Tenho muitas outras histórias em estádio, sempre em família e com amigos, como na nossa primeira libertadores, em que assisti os jogos em Montevidéu e em Porto Alegre, nas quartas de final contra o Palmeiras em 95, jogo contra a Portuguesa em 96, nos Aflitos em 2005… Histórias que só mostram que minha alma é indelevelmente tricolor, como todas a nossas devem ser.

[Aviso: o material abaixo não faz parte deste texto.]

(* Let $f:\mathbb{R}\to\mathbb{R}$ be a differentiable, increasing, concave function and $b'<b$ real numbers. Let $\alpha_*\in\mathbb{R}$ satisfy $f(\alpha_* )=b'$ and let $\alpha_0\in\mathbb{R}$ satisfy $f(\alpha_0)\le b$. Consider the Newton–Dinkelbach method started at $\alpha_0$: while $f(\alpha_t)<b'$, set $\alpha_{t+1}:=\alpha_t+\frac{b-f(\alpha_t)}{f'(\alpha_t)}$; output the first $\alpha_t$ with $f(\alpha_t)\ge b'$. Then it outputs $\alpha_0$ if $f(\alpha_0)\ge b'$; otherwise it outputs $\hat\alpha$ satisfying $f(\hat\alpha)\in[b',b]$ in at most \[T:=1+\left\lceil\log_{\frac{1}{1-\epsilon}}\left(\max\left\{1,\frac{D_f(\alpha_*\mid\alpha_0)}{b-b'}\right\}\right)\right\rceil\] iterations, for any $\epsilon\in(0,1)$ satisfying $\epsilon(b-f(\alpha_0))\le b-b'$, where $D_f(\beta\mid\alpha):=f'(\alpha)(\beta-\alpha)+f(\alpha)-f(\beta)$ is the Bregman divergence of $f$. *)

From Stdlib Require Import Reals ZArith.
Open Scope R_scope.

Definition Rceil (x : R) : Z := (- Int_part (- x))%Z.

Definition logb (c x : R) : R := ln x / ln c.

Definition bregman (f f' : R -> R) (beta alpha : R) : R :=
  f' alpha * (beta - alpha) + f alpha - f beta.

Fixpoint nd_iter (f f' : R -> R) (b a0 : R) (t : nat) : R :=
  match t with
  | O => a0
  | S s => let a := nd_iter f f' b a0 s in a + (b - f a) / f' a
  end.

(* t is the first index at which the stopping test f(alpha_t) >= b' holds,
   i.e. the method outputs alpha_t after t iterations *)
Definition nd_stops_at (f f' : R -> R) (b b' a0 : R) (t : nat) : Prop :=
  b' <= f (nd_iter f f' b a0 t) /\
  forall s, (s < t)%nat -> f (nd_iter f f' b a0 s) < b'.

Definition concave (f : R -> R) : Prop :=
  forall x y l, 0 <= l <= 1 -> l * f x + (1 - l) * f y <= f (l * x + (1 - l) * y).

From Stdlib Require Import Reals ZArith Lra Lia Psatz.
Open Scope R_scope.

(* Along the iterates f increases and stays below b. For a non-final step
   alpha -> alpha+, concavity gives f'(alpha+) <= (1 - eps) f'(alpha), which makes
   the Bregman divergence D_f(alpha_* | alpha_t) contract by the factor 1 - eps,
   while D_f(alpha_* | alpha) > b - b' as long as the next iterate has not reached
   b'. Hence only log_{1/(1-eps)} (D_f(alpha_* | alpha_0) / (b - b')) steps, plus
   the final one, can occur. *)

Lemma derivative_ge_of_slopes_ge (phi : R -> R) (d K : R) :
  derivable_pt_lim phi 0 d ->
  (forall l, 0 < l <= 1 -> l * K <= phi l - phi 0) -> K <= d.
Proof.
  intros Hd Hslope. apply Rnot_lt_le; intro Hlt.
  destruct (Hd (K - d)) as [delta Hdelta]; [lra|].
  pose proof (cond_pos delta) as Hdelta_pos.
  set (l := Rmin 1 (delta / 2)).
  assert (Hl : 0 < l <= 1).
  { split; [apply Rmin_glb_lt; lra | apply Rmin_l]. }
  assert (Hl_delta : l < delta).
  { pose proof (Rmin_r 1 (delta / 2)) as Hr. fold l in Hr. lra. }
  assert (Habs_l : Rabs l < delta) by (rewrite Rabs_right; lra).
  specialize (Hdelta l (Rgt_not_eq _ _ (proj1 Hl)) Habs_l).
  rewrite Rplus_0_l in Hdelta.
  assert (Hquot : K <= (phi l - phi 0) / l).
  { apply Rmult_le_reg_r with l; [lra|].
    unfold Rdiv; rewrite Rmult_assoc, Rinv_l, Rmult_1_r by lra.
    rewrite Rmult_comm; apply Hslope, Hl. }
  pose proof (Rle_abs ((phi l - phi 0) / l - d)). lra.
Qed.

Lemma concave_le_tangent (f f' : R -> R) :
  (forall x, derivable_pt_lim f x (f' x)) -> concave f ->
  forall x y, f y <= f x + f' x * (y - x).
Proof.
  intros Hder Hconc x y.
  set (segment := fun l => x + l * (y - x)).
  assert (Hsegment : derivable_pt_lim segment 0 (y - x)).
  { intros e He. exists (mkposreal 1 Rlt_0_1). intros h Hh _.
    unfold segment.
    replace ((x + (0 + h) * (y - x) - (x + 0 * (y - x))) / h - (y - x)) with 0
      by (field; exact Hh).
    rewrite Rabs_R0; exact He. }
  pose proof (derivable_pt_lim_comp _ f 0 _ _ Hsegment (Hder (segment 0))) as Hphi.
  replace (segment 0) with x in Hphi by (unfold segment; ring).
  enough (f y - f x <= f' x * (y - x)) by lra.
  apply (derivative_ge_of_slopes_ge _ _ _ Hphi).
  intros l Hl. unfold comp, segment.
  replace (x + l * (y - x)) with (l * y + (1 - l) * x) by ring.
  replace (x + 0 * (y - x)) with x by ring.
  pose proof (Hconc y x l ltac:(lra)). lra.
Qed.

Lemma Rceil_ge (x : R) : x <= IZR (Rceil x).
Proof.
  unfold Rceil. rewrite opp_IZR.
  destruct (base_Int_part (- x)). lra.
Qed.

Lemma logb_ge0 (c M : R) : 1 < c -> 1 <= M -> 0 <= logb c M.
Proof.
  intros Hc HM. unfold logb, Rdiv.
  apply Rmult_le_pos.
  - rewrite <- ln_1. destruct (Rle_lt_or_eq_dec 1 M HM) as [Hlt | <-].
    + left. apply ln_increasing; lra.
    + right. reflexivity.
  - left. apply Rinv_0_lt_compat. rewrite <- ln_1. apply ln_increasing; lra.
Qed.

Lemma lt_logb_of_pow_lt (c M : R) (m : nat) : 1 < c -> c ^ m < M -> INR m < logb c M.
Proof.
  intros Hc Hm.
  assert (Hlnc : 0 < ln c) by (rewrite <- ln_1; apply ln_increasing; lra).
  assert (Hln : INR m * ln c < ln M).
  { rewrite <- ln_pow by lra. apply ln_increasing; [apply pow_lt; lra | exact Hm]. }
  unfold logb. apply Rmult_lt_reg_r with (ln c); [exact Hlnc|].
  unfold Rdiv; rewrite Rmult_assoc, Rinv_l, Rmult_1_r by lra. exact Hln.
Qed.

Lemma first_hit_or_none (P : nat -> Prop) (N : nat) :
  (forall n, P n \/ ~ P n) ->
  (forall s, (s <= N)%nat -> ~ P s) \/
  exists t, (t <= N)%nat /\ P t /\ forall s, (s < t)%nat -> ~ P s.
Proof.
  intros Hdec. induction N as [|N IH].
  - destruct (Hdec 0%nat) as [H|H].
    + right. exists 0%nat. split; [lia|]. split; [exact H | intros; lia].
    + left. intros s Hs. replace s with 0%nat by lia. exact H.
  - destruct IH as [Hnone|[t [HtN Ht]]].
    + destruct (Hdec (S N)) as [H|H].
      * right. exists (S N). split; [lia|]. split; [exact H|].
        intros s Hs. apply Hnone. lia.
      * left. intros s Hs. destruct (Nat.eq_dec s (S N)) as [->|Hne]; [exact H|].
        apply Hnone. lia.
    + right. exists t. split; [lia | exact Ht].
Qed.

Section NewtonDinkelbach.

Variables (f f' : R -> R) (b b' astar : R).
Hypothesis Hder : forall x, derivable_pt_lim f x (f' x).
Hypothesis Hinc : forall x y, x <= y -> f x <= f y.
Hypothesis Hconc : concave f.
Hypothesis Hgap : b' < b.
Hypothesis Hstar : f astar = b'.

Let le_tangent := concave_le_tangent f f' Hder Hconc.

Definition newton_step (a : R) : R := a + (b - f a) / f' a.

Lemma nd_iter_S a0 t : nd_iter f f' b a0 (S t) = newton_step (nd_iter f f' b a0 t).
Proof. reflexivity. Qed.

Lemma lt_root_of_below_target a : f a < b' -> a < astar.
Proof. intro Ha. apply Rnot_le_lt; intro Hle. apply Hinc in Hle. lra. Qed.

Lemma deriv_pos_of_below_target a : f a < b' -> 0 < f' a.
Proof.
  intro Ha. pose proof (lt_root_of_below_target a Ha).
  pose proof (le_tangent a astar). nra.
Qed.

Lemma newton_step_tangent a : 0 < f' a -> f' a * (newton_step a - a) = b - f a.
Proof. intro Hd. unfold newton_step. field. lra. Qed.

Lemma f_newton_step_le a : 0 < f' a -> f (newton_step a) <= b.
Proof.
  intro Hd. pose proof (le_tangent a (newton_step a)).
  rewrite newton_step_tangent in * by exact Hd. lra.
Qed.

Lemma le_newton_step a : 0 < f' a -> f a <= b -> a <= newton_step a.
Proof.
  intros Hd Ha. pose proof (newton_step_tangent a Hd). nra.
Qed.

Lemma bregman_newton_step a :
  0 < f' a -> bregman f f' astar a = f' a * (astar - newton_step a) + (b - b').
Proof.
  intro Hd. pose proof (newton_step_tangent a Hd).
  unfold bregman. rewrite Hstar. nra.
Qed.

Lemma gap_lt_bregman a :
  f a < b' -> f (newton_step a) < b' -> b - b' < bregman f f' astar a.
Proof.
  intros Ha Hnext. pose proof (deriv_pos_of_below_target a Ha) as Hd.
  pose proof (lt_root_of_below_target _ Hnext).
  rewrite bregman_newton_step by exact Hd. nra.
Qed.

(* Tangents at [a] and at [newton_step a] sandwich [f (newton_step a) - f a]. *)
Lemma deriv_newton_step_le eps a :
  0 < f' a -> f a < b -> eps * (b - f a) <= b - f (newton_step a) ->
  f' (newton_step a) <= (1 - eps) * f' a.
Proof.
  intros Hd Ha Hprogress.
  pose proof (newton_step_tangent a Hd) as Hstep.
  pose proof (le_tangent (newton_step a) a) as Htan.
  assert (Hslope : f' (newton_step a) * (b - f a) <= f' a * (f (newton_step a) - f a)).
  { rewrite <- Hstep. nra. }
  apply Rmult_le_reg_r with (b - f a); nra.
Qed.

Lemma bregman_newton_step_contract eps a :
  eps <= 1 -> f a < b' -> f (newton_step a) < b' -> eps * (b - f a) <= b - b' ->
  bregman f f' astar (newton_step a) <= (1 - eps) * bregman f f' astar a.
Proof.
  intros Heps Ha Hnext Hstart.
  pose proof (deriv_pos_of_below_target a Ha) as Hd.
  pose proof (lt_root_of_below_target _ Hnext) as Hroot.
  assert (Hderiv : f' (newton_step a) <= (1 - eps) * f' a).
  { apply deriv_newton_step_le; lra. }
  rewrite (bregman_newton_step a Hd).
  unfold bregman. rewrite Hstar.
  assert (f' (newton_step a) * (astar - newton_step a)
          <= (1 - eps) * f' a * (astar - newton_step a))
    by (apply Rmult_le_compat_r; lra).
  nra.
Qed.

Variable a0 : R.
Notation alpha := (nd_iter f f' b a0).

Lemma f_nd_iter_ge_start m :
  (forall s, (s <= m)%nat -> f (alpha s) < b') -> f a0 <= f (alpha m).
Proof.
  induction m as [|m IH]; intro Hrun; [apply Rle_refl|].
  assert (Hm : f (alpha m) < b') by (apply Hrun; lia).
  rewrite nd_iter_S. apply Rle_trans with (f (alpha m)).
  - apply IH. intros s Hs. apply Hrun. lia.
  - apply Hinc, le_newton_step; [apply deriv_pos_of_below_target|]; lra.
Qed.

Lemma f_nd_iter_le_target t :
  f a0 <= b -> (forall s, (s < t)%nat -> f (alpha s) < b') -> f (alpha t) <= b.
Proof.
  intros H0 Hrun. destruct t as [|t]; [exact H0|].
  rewrite nd_iter_S. apply f_newton_step_le, deriv_pos_of_below_target, Hrun. lia.
Qed.

Variable eps : R.
Hypothesis Heps : 0 < eps < 1.
Hypothesis Hstart : eps * (b - f a0) <= b - b'.

Lemma one_lt_rate : 1 < 1 / (1 - eps).
Proof.
  apply Rmult_lt_reg_r with (1 - eps); [lra|].
  replace (1 / (1 - eps) * (1 - eps)) with 1 by (field; lra). lra.
Qed.

Lemma bregman_nd_iter_geometric m :
  (forall s, (s <= m)%nat -> f (alpha s) < b') ->
  bregman f f' astar (alpha m) <= (1 - eps) ^ m * bregman f f' astar a0.
Proof.
  induction m as [|m IH]; intro Hrun; [simpl; lra|].
  assert (Hm : f (alpha m) < b') by (apply Hrun; lia).
  assert (Hmono : f a0 <= f (alpha m))
    by (apply f_nd_iter_ge_start; intros s Hs; apply Hrun; lia).
  rewrite nd_iter_S.
  eapply Rle_trans; [apply (bregman_newton_step_contract eps)|].
  - lra.
  - exact Hm.
  - rewrite <- nd_iter_S. apply Hrun. lia.
  - nra.
  - simpl. rewrite Rmult_assoc. apply Rmult_le_compat_l; [lra|].
    apply IH. intros s Hs. apply Hrun. lia.
Qed.

Lemma nd_iter_count_lt_logb m :
  (forall s, (s <= S m)%nat -> f (alpha s) < b') ->
  INR m < logb (1 / (1 - eps)) (Rmax 1 (bregman f f' astar a0 / (b - b'))).
Proof.
  intro Hrun.
  assert (Hgap_m : b - b' < bregman f f' astar (alpha m)).
  { apply gap_lt_bregman; [apply Hrun; lia|].
    rewrite <- nd_iter_S. apply Hrun. lia. }
  pose proof (bregman_nd_iter_geometric m) as Hgeom.
  specialize (Hgeom ltac:(intros s Hs; apply Hrun; lia)).
  assert (Hp : 0 < (1 - eps) ^ m) by (apply pow_lt; lra).
  apply lt_logb_of_pow_lt; [exact one_lt_rate|].
  replace (1 / (1 - eps)) with (/ (1 - eps)) by (field; lra).
  apply Rlt_le_trans with (bregman f f' astar a0 / (b - b')); [|apply Rmax_r].
  rewrite pow_inv. apply Rmult_lt_reg_l with ((1 - eps) ^ m * (b - b')); [nra|].
  replace ((1 - eps) ^ m * (b - b') * / (1 - eps) ^ m) with (b - b') by (field; lra).
  replace ((1 - eps) ^ m * (b - b') * (bregman f f' astar a0 / (b - b')))
    with ((1 - eps) ^ m * bregman f f' astar a0) by (field; lra).
  lra.
Qed.

End NewtonDinkelbach.

Theorem theorem2p20 (f f' : R -> R) (b b' astar a0 : R)
  (Hder : forall x, derivable_pt_lim f x (f' x))
  (Hinc : forall x y, x <= y -> f x <= f y)
  (Hconc : concave f)
  (Hbb : b' < b)
  (Hstar : f astar = b')
  (H0 : f a0 <= b) :
  (b' <= f a0 -> nd_stops_at f f' b b' a0 0 /\ nd_iter f f' b a0 0 = a0) /\
  (f a0 < b' ->
    forall eps, 0 < eps < 1 -> eps * (b - f a0) <= b - b' ->
    exists t, nd_stops_at f f' b b' a0 t /\
      b' <= f (nd_iter f f' b a0 t) <= b /\
      (Z.of_nat t <= 1 + Rceil (logb (1 / (1 - eps))
                          (Rmax 1 (bregman f f' astar a0 / (b - b')))))%Z).
Proof.
  split.
  { intro Hstop. split; [split; [exact Hstop | intros s Hs; lia] | reflexivity]. }
  intros Hlt eps Heps Hstart.
  set (L := logb (1 / (1 - eps)) (Rmax 1 (bregman f f' astar a0 / (b - b')))).
  pose proof (Rceil_ge L) as HceilL.
  assert (HL : 0 <= L) by (apply logb_ge0; [exact (one_lt_rate eps Heps) | apply Rmax_l]).
  assert (Hceil : (0 <= Rceil L)%Z) by (apply le_IZR; lra).
  destruct (first_hit_or_none (fun s => b' <= f (nd_iter f f' b a0 s))
              (S (Z.to_nat (Rceil L)))) as [Hnone | [t [HtN [Ht Hbefore]]]].
  - intro n. destruct (Rle_dec b' (f (nd_iter f f' b a0 n))); auto.
  - exfalso.
    assert (Hcount : INR (Z.to_nat (Rceil L)) < L).
    { eapply nd_iter_count_lt_logb; try eassumption.
      intros s Hs. apply Rnot_le_lt, Hnone, Hs. }
    rewrite INR_IZR_INZ, Z2Nat.id in Hcount by exact Hceil. lra.
  - assert (Hrun : forall s, (s < t)%nat -> f (nd_iter f f' b a0 s) < b')
      by (intros s Hs; apply Rnot_le_lt, Hbefore, Hs).
    exists t. split; [split; assumption|].
    split; [split; [exact Ht|] | lia].
    eapply f_nd_iter_le_target; eassumption.
Qed.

É nosso dever levar esse orgulho e defender esse privilégio de sermos gremistas em qualquer lugar do planeta, a todo tempo e em qualquer lugar. Sim, meus amigos, ser gremista é um privilégio. Ser gremista é uma honra que nunca quero deixar de sentir e que transmitirei às futuras gerações Volodianas. Sempre, de alma Tricolor e imortal, pelo e para o Grêmio. Exagero? Não. Loucura? Sim! Sou louco… pelo Grêmio.